Nofifi- Lucky DD- I'm sure he's happier to stay home.... he probably wouldn't have understood that Texas accent anyways.... LOL Planning the next bet already??? Nascar? baseball? 
I had an ex- that made toast (buttered, of course) just for the cockatiel- it's own slice...LOL so yeah, I bet Pan personally toasts that bagel for Bailey....LOL spoiled "kids".....


----------



## panini (Jul 28, 2001)

Nofifi,
Well if that's your final decision. We were going to start drywalling curves into all the corners of the home for his comfort. When you mentioned that I cringed, I keep thinking of the thing that cleans our pool. It sometimes gets stuck in the corner.
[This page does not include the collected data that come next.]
Record complete_lattice := CompleteLattice {
  car :> Type;
  lle : car -> car -> Prop;
  lle_refl : forall x, lle x x;
  lle_trans : forall x y z, lle x y -> lle y z -> lle x z;
  lle_antisym : forall x y, lle x y -> lle y x -> x = y;
  lsup : (car -> Prop) -> car;
  lsup_ub : forall (S : car -> Prop) x, S x -> lle x (lsup S);
  lsup_least : forall (S : car -> Prop) y,
      (forall x, S x -> lle x y) -> lle (lsup S) y
}.

Definition directed (L : complete_lattice) (D : L -> Prop) : Prop :=
  (exists d, D d) /\
  (forall x y, D x -> D y -> exists z, D z /\ lle L x z /\ lle L y z).

Definition compact (L : complete_lattice) (c : L) : Prop :=
  forall D : L -> Prop, directed L D -> lle L c (lsup L D) ->
    exists d, D d /\ lle L c d.

Definition omega_algebraic (L : complete_lattice) : Prop :=
  (forall x : L, x = lsup L (fun c => compact L c /\ lle L c x)) /\
  (exists f : nat -> L, forall c, compact L c -> exists n, f n = c).

Definition lbot (L : complete_lattice) : L := lsup L (fun _ => False).
Definition ljoin (L : complete_lattice) (a b : L) : L :=
  lsup L (fun x => x = a \/ x = b).

Definition cpt (L : complete_lattice) := { c : L | compact L c }.

Inductive rtype (L : complete_lattice) : Type :=
| Psi : cpt L -> rtype L
| OmR : rtype L
| AndR : rtype L -> rtype L -> rtype L.

(* Lambda_D and Lambda_C.  Lambda_R is included in Lambda_D via [embR]
   below (psi_a, omega and /\ of Lambda_R are literally those of Lambda_D). *)
Inductive dtype (L : complete_lattice) : Type :=
| DPsi : cpt L -> dtype L
| DArr : ctype L -> rtype L -> dtype L
| OmD : dtype L
| AndD : dtype L -> dtype L -> dtype L
with ctype (L : complete_lattice) : Type :=
| Prod : dtype L -> ctype L -> ctype L
| OmC : ctype L
| AndC : ctype L -> ctype L -> ctype L.

Arguments Psi {L}. Arguments OmR {L}. Arguments AndR {L}.
Arguments DPsi {L}. Arguments DArr {L}. Arguments OmD {L}. Arguments AndD {L}.
Arguments Prod {L}. Arguments OmC {L}. Arguments AndC {L}.

Fixpoint embR {L : complete_lattice} (r : rtype L) : dtype L :=
  match r with
  | Psi a => DPsi a
  | OmR => OmD
  | AndR r1 r2 => AndD (embR r1) (embR r2)
  end.

Inductive leR (L : complete_lattice) : rtype L -> rtype L -> Prop :=
| leR_refl : forall r, leR L r r
| leR_trans : forall r s t, leR L r s -> leR L s t -> leR L r t
| leR_andl : forall r s, leR L (AndR r s) r
| leR_andr : forall r s, leR L (AndR r s) s
| leR_om : forall r, leR L r OmR
| leR_glb : forall r s t, leR L r s -> leR L r t -> leR L r (AndR s t)
| leR_bot1 : forall a : cpt L, proj1_sig a = lbot L -> leR L (Psi a) OmR
| leR_bot2 : forall a : cpt L, proj1_sig a = lbot L -> leR L OmR (Psi a)
| leR_join1 : forall a b c : cpt L,
    proj1_sig c = ljoin L (proj1_sig a) (proj1_sig b) ->
    leR L (Psi c) (AndR (Psi a) (Psi b))
| leR_join2 : forall a b c : cpt L,
    proj1_sig c = ljoin L (proj1_sig a) (proj1_sig b) ->
    leR L (AndR (Psi a) (Psi b)) (Psi c).

Inductive leD (L : complete_lattice) : dtype L -> dtype L -> Prop :=
| leD_refl : forall d, leD L d d
| leD_trans : forall d e f, leD L d e -> leD L e f -> leD L d f
| leD_andl : forall d e, leD L (AndD d e) d
| leD_andr : forall d e, leD L (AndD d e) e
| leD_om : forall d, leD L d OmD
| leD_glb : forall d e f, leD L d e -> leD L d f -> leD L d (AndD e f)
| leD_R : forall r s, leR L r s -> leD L (embR r) (embR s)
| leD_omarr : leD L OmD (DArr OmC OmR)
| leD_psiarr1 : forall a, leD L (DPsi a) (DArr OmC (Psi a))
| leD_psiarr2 : forall a, leD L (DArr OmC (Psi a)) (DPsi a)
| leD_arrand : forall k r1 r2,
    leD L (AndD (DArr k r1) (DArr k r2)) (DArr k (AndR r1 r2))
| leD_arr : forall k k' r r', leC L k' k -> leR L r r' ->
    leD L (DArr k r) (DArr k' r')
with leC (L : complete_lattice) : ctype L -> ctype L -> Prop :=
| leC_refl : forall k, leC L k k
| leC_trans : forall k l m, leC L k l -> leC L l m -> leC L k m
| leC_andl : forall k l, leC L (AndC k l) k
| leC_andr : forall k l, leC L (AndC k l) l
| leC_om : forall k, leC L k OmC
| leC_glb : forall k l m, leC L k l -> leC L k m -> leC L k (AndC l m)
| leC_omprod : leC L OmC (Prod OmD OmC)
| leC_prodand : forall d1 d2 k1 k2,
    leC L (AndC (Prod d1 k1) (Prod d2 k2)) (Prod (AndD d1 d2) (AndC k1 k2))
| leC_prod : forall d d' k k', leD L d d' -> leC L k k' ->
    leC L (Prod d k) (Prod d' k').

Inductive term : Type :=
| Var : nat -> term
| Lam : term -> term
| App : term -> term -> term
| Mu : cmd -> term                   (* binds name 0 *)
with cmd : Type :=
| Cmd : nat -> term -> cmd.

Fixpoint lift_t (c : nat) (M : term) : term :=
  match M with
  | Var n => if n <? c then Var n else Var (S n)
  | Lam M => Lam (lift_t (S c) M)
  | App M N => App (lift_t c M) (lift_t c N)
  | Mu C => Mu (lift_c c C)
  end
with lift_c (c : nat) (C : cmd) : cmd :=
  match C with Cmd a M => Cmd a (lift_t c M) end.

Fixpoint liftn_t (c : nat) (M : term) : term :=
  match M with
  | Var n => Var n
  | Lam M => Lam (liftn_t c M)
  | App M N => App (liftn_t c M) (liftn_t c N)
  | Mu C => Mu (liftn_c (S c) C)
  end
with liftn_c (c : nat) (C : cmd) : cmd :=
  match C with Cmd a M => Cmd (if a <? c then a else S a) (liftn_t c M) end.

(* M[N/k] : substitute N for term variable k, lowering variables > k *)
Fixpoint subst_t (k : nat) (N : term) (M : term) : term :=
  match M with
  | Var n => if n <? k then Var n else if n =? k then N else Var (pred n)
  | Lam M => Lam (subst_t (S k) (lift_t 0 N) M)
  | App M1 M2 => App (subst_t k N M1) (subst_t k N M2)
  | Mu C => Mu (subst_c k (liftn_t 0 N) C)
  end
with subst_c (k : nat) (N : term) (C : cmd) : cmd :=
  match C with Cmd a M => Cmd a (subst_t k N M) end.

Fixpoint ssubst_t (k : nat) (L : term) (M : term) : term :=
  match M with
  | Var n => Var n
  | Lam M => Lam (ssubst_t k (lift_t 0 L) M)
  | App M1 M2 => App (ssubst_t k L M1) (ssubst_t k L M2)
  | Mu C => Mu (ssubst_c (S k) (liftn_t 0 L) C)
  end
with ssubst_c (k : nat) (L : term) (C : cmd) : cmd :=
  match C with
  | Cmd a M => if a =? k then Cmd a (App (ssubst_t k L M) L)
               else Cmd a (ssubst_t k L M)
  end.

(* renaming T[a/k] of name k by name a, lowering names > k *)
Fixpoint ren_t (k a : nat) (M : term) : term :=
  match M with
  | Var n => Var n
  | Lam M => Lam (ren_t k a M)
  | App M1 M2 => App (ren_t k a M1) (ren_t k a M2)
  | Mu C => Mu (ren_c (S k) (S a) C)
  end
with ren_c (k a : nat) (C : cmd) : cmd :=
  match C with
  | Cmd b M => Cmd (if b <? k then b else if b =? k then a else pred b)
                   (ren_t k a M)
  end.

Inductive red_t : term -> term -> Prop :=
| r_beta : forall M N, red_t (App (Lam M) N) (subst_t 0 N M)
| r_mu : forall C N, red_t (App (Mu C) N) (Mu (ssubst_c 0 (liftn_t 0 N) C))
| r_lam : forall M M', red_t M M' -> red_t (Lam M) (Lam M')
| r_appl : forall M M' N, red_t M M' -> red_t (App M N) (App M' N)
| r_appr : forall M N N', red_t N N' -> red_t (App M N) (App M N')
| r_muc : forall C C', red_c C C' -> red_t (Mu C) (Mu C')
with red_c : cmd -> cmd -> Prop :=
| r_ren : forall a C, red_c (Cmd a (Mu C)) (ren_c 0 a C)
| r_cmd : forall a M M', red_t M M' -> red_c (Cmd a M) (Cmd a M').

(* bases: total maps, omega outside the (finite) domain *)
Definition basis (L : complete_lattice) := nat -> dtype L.
Definition context (L : complete_lattice) := nat -> ctype L.

Definition scons {A : Type} (x : A) (f : nat -> A) : nat -> A :=
  fun n => match n with 0 => x | S n => f n end.

Definition finite_basis {L : complete_lattice} (G : basis L) : Prop :=
  exists m, forall n, m <= n -> G n = OmD.
Definition finite_context {L : complete_lattice} (D : context L) : Prop :=
  exists m, forall n, m <= n -> D n = OmC.

Inductive typ_t (L : complete_lattice)
  : basis L -> term -> dtype L -> context L -> Prop :=
| t_ax : forall G D x, typ_t L G (Var x) (G x) D
| t_abs : forall G D d k r M,
    typ_t L (scons d G) M (DArr k r) D ->
    typ_t L G (Lam M) (DArr (Prod d k) r) D
| t_app : forall G D d k r M N,
    typ_t L G M (DArr (Prod d k) r) D ->
    typ_t L G N d D ->
    typ_t L G (App M N) (DArr k r) D
| t_mu : forall G D k k' r C,
    typ_c L G C (Prod (DArr k' r) k') (scons k D) ->
    typ_t L G (Mu C) (DArr k r) D
| t_and : forall G D M d e,
    typ_t L G M d D -> typ_t L G M e D -> typ_t L G M (AndD d e) D
| t_om : forall G D M, typ_t L G M OmD D
| t_le : forall G D M d e, typ_t L G M d D -> leD L d e -> typ_t L G M e D
with typ_c (L : complete_lattice)
  : basis L -> cmd -> ctype L -> context L -> Prop :=
| t_cmd : forall G D a M d,
    typ_t L G M d D -> typ_c L G (Cmd a M) (Prod d (D a)) D
| tc_and : forall G D C k l,
    typ_c L G C k D -> typ_c L G C l D -> typ_c L G C (AndC k l) D
| tc_om : forall G D C, typ_c L G C OmC D
| tc_le : forall G D C k l, typ_c L G C k D -> leC L k l -> typ_c L G C l D.

(* Subject reduction follows, as usual, from generation lemmas for abstractions
   and mu-abstractions and from substitution lemmas for the three substitutions
   performed by the redexes.  The difficulty is inverting subtyping.  Against an
   arrow [k -> rho] it is done by a syntax-directed characterisation of the types
   below it, which is antitone along [<=D]; against a product [d x k] by the
   monotone projections of [Lambda_C] onto its two factors.  In a structural
   substitution [_[alpha <= N]] every command [[alpha]M] becomes [[alpha](M N)],
   so a name of type [d x k] with [N : d] acquires type [k]; commands are
   therefore typed through the judgement [M : Delta(alpha) -> rho] that the
   mu-rule consumes, rather than through the general command typing. *)

From Stdlib Require Import Arith Lia.

Scheme typ_t_mut := Induction for typ_t Sort Prop
  with typ_c_mut := Induction for typ_c Sort Prop.
Scheme term_mut := Induction for term Sort Prop
  with cmd_mut := Induction for cmd Sort Prop.
Combined Scheme term_cmd_mut from term_mut, cmd_mut.
Scheme red_t_mut := Induction for red_t Sort Prop
  with red_c_mut := Induction for red_c Sort Prop.

Definition shift (c n : nat) : nat := if n <? c then n else S n.

Lemma shift_lt (c n : nat) : n < c -> shift c n = n.
Proof. intros H; unfold shift; rewrite (proj2 (Nat.ltb_lt _ _) H); reflexivity. Qed.

Lemma shift_ge (c n : nat) : c <= n -> shift c n = S n.
Proof. intros H; unfold shift; rewrite (proj2 (Nat.ltb_ge _ _) H); reflexivity. Qed.

Definition ren_index (k a n : nat) : nat :=
  if n <? k then n else if n =? k then a else pred n.

Lemma scons_shift {A : Type} (f g : nat -> A) (c : nat) (x : A) :
  (forall n, f (shift c n) = g n) ->
  forall n, scons x f (shift (S c) n) = scons x g n.
Proof.
  intros Hfg [|n]; [reflexivity|].
  unfold scons at 2; rewrite <- Hfg; unfold shift.
  change (S n <? S c) with (n <? c).
  destruct (n <? c); reflexivity.
Qed.

Lemma scons_ren_index {A : Type} (f g : nat -> A) (k a : nat) (x : A) :
  (forall n, f (ren_index k a n) = g n) ->
  forall n, scons x f (ren_index (S k) (S a) n) = scons x g n.
Proof.
  intros Hfg [|n]; [reflexivity|].
  unfold scons at 2; rewrite <- Hfg; unfold ren_index.
  change (S n <? S k) with (n <? k); change (S n =? S k) with (n =? k).
  destruct (Nat.ltb_spec n k), (Nat.eqb_spec n k); try reflexivity.
  destruct n; [lia | reflexivity].
Qed.

Section IntersectionTypes.

Variable L : complete_lattice.

Local Notation "r <=R s" := (leR L r s) (at level 70).
Local Notation "d <=D e" := (leD L d e) (at level 70).
Local Notation "k <=C l" := (leC L k l) (at level 70).

Lemma leR_and_mono (r1 r2 s1 s2 : rtype L) :
  r1 <=R s1 -> r2 <=R s2 -> AndR r1 r2 <=R AndR s1 s2.
Proof.
  intros H1 H2.
  apply leR_glb; eapply leR_trans; [apply leR_andl | | apply leR_andr | ]; assumption.
Qed.

Lemma leR_above_om (r s : rtype L) : OmR <=R r -> s <=R r.
Proof. intros H; eapply leR_trans; [apply leR_om | exact H]. Qed.

(* A syntax-directed description of [d <=D DArr k rho], read off the components
   [k0 -> r] of [d] with [k <=C k0] and [psi_a ~ omega -> psi_a]; by
   [below_arrow_leD] it inverts subtyping against arrow types. *)
Fixpoint below_arrow (d : dtype L) (k : ctype L) (rho : rtype L) : Prop :=
  match d with
  | DPsi a => Psi a <=R rho
  | DArr k0 r => (k <=C k0 /\ r <=R rho) \/ OmR <=R rho
  | OmD => OmR <=R rho
  | AndD d1 d2 => exists r1 r2,
      below_arrow d1 k r1 /\ below_arrow d2 k r2 /\ AndR r1 r2 <=R rho
  end.

Lemma below_arrow_le (d : dtype L) k r r' :
  below_arrow d k r -> r <=R r' -> below_arrow d k r'.
Proof.
  destruct d as [a|k0 r0| |d1 d2]; simpl; intros H Hr.
  - eapply leR_trans; eauto.
  - destruct H as [[Hk H]|H]; [left; split|right]; eauto using leR_trans.
  - eapply leR_trans; eauto.
  - destruct H as (r1 & r2 & H1 & H2 & H); exists r1, r2; eauto using leR_trans.
Qed.

Lemma below_arrow_om (d : dtype L) k : below_arrow d k OmR.
Proof.
  induction d as [a|k0 r0| |d1 IH1 d2 IH2]; simpl.
  - apply leR_om.
  - right; apply leR_refl.
  - apply leR_refl.
  - exists OmR, OmR; repeat split; auto using leR_om.
Qed.

Lemma below_arrow_meet (d : dtype L) k r1 r2 :
  below_arrow d k r1 -> below_arrow d k r2 -> below_arrow d k (AndR r1 r2).
Proof.
  revert r1 r2; induction d as [a|k0 r0| |d1 IH1 d2 IH2]; simpl; intros r1 r2 H1 H2.
  - apply leR_glb; assumption.
  - destruct H1 as [[Hk H1]|H1], H2 as [[Hk2 H2]|H2];
      [left; split| left; split| left; split| right];
      auto using leR_glb, leR_above_om.
  - apply leR_glb; assumption.
  - destruct H1 as (s1 & s2 & Hs1 & Hs2 & H1), H2 as (t1 & t2 & Ht1 & Ht2 & H2).
    exists (AndR s1 t1), (AndR s2 t2); repeat split; auto.
    apply leR_glb; eapply leR_trans; try eassumption;
      apply leR_and_mono; auto using leR_andl, leR_andr.
Qed.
It can be there for days before I react.
Well our Mav will certainly be in the playoffs.
Sorry
no accent
no nascar
no rodeo
former yankee:bounce: :smiles: 
oh Golfs a good bet!!


----------



## nofifi (Jan 14, 2007)

Pan, DD said to thank you for all your efforts insuring his comforts but he feels it's best to decline your generous offer. I see now, knowing all the accomodations you were willing to make for his comfort, that you do follow through on your bets, lol. Well, gotta run....DD is stuck in the corner again. lo

P.S. Yeah, you described DD perfectly, like a Polaris in the pool, had one too, lol.


----------



## jayme (Sep 5, 2006)

LMAO Nofifi and Pan- have got such a mental pic of poor DD bumping into the corner like a little wind up toy. Pan- no accent or Nascar? and those Texans let you stay? Your cakes must be d#$n good! Actually I saw the pics on your web site- they look incredible!!


----------



## nofifi (Jan 14, 2007)

OMG, Pan, I also just viewed your website...those cakes are awesome!!! They are absolutely beautiful!!!! Next time I come to Dallas, I'm definitely coming to your bakery!!!!!


----------



## jayme (Sep 5, 2006)

Nofifi- Yeah aren't they gorgeous?? Hey Pan- do you ship????


----------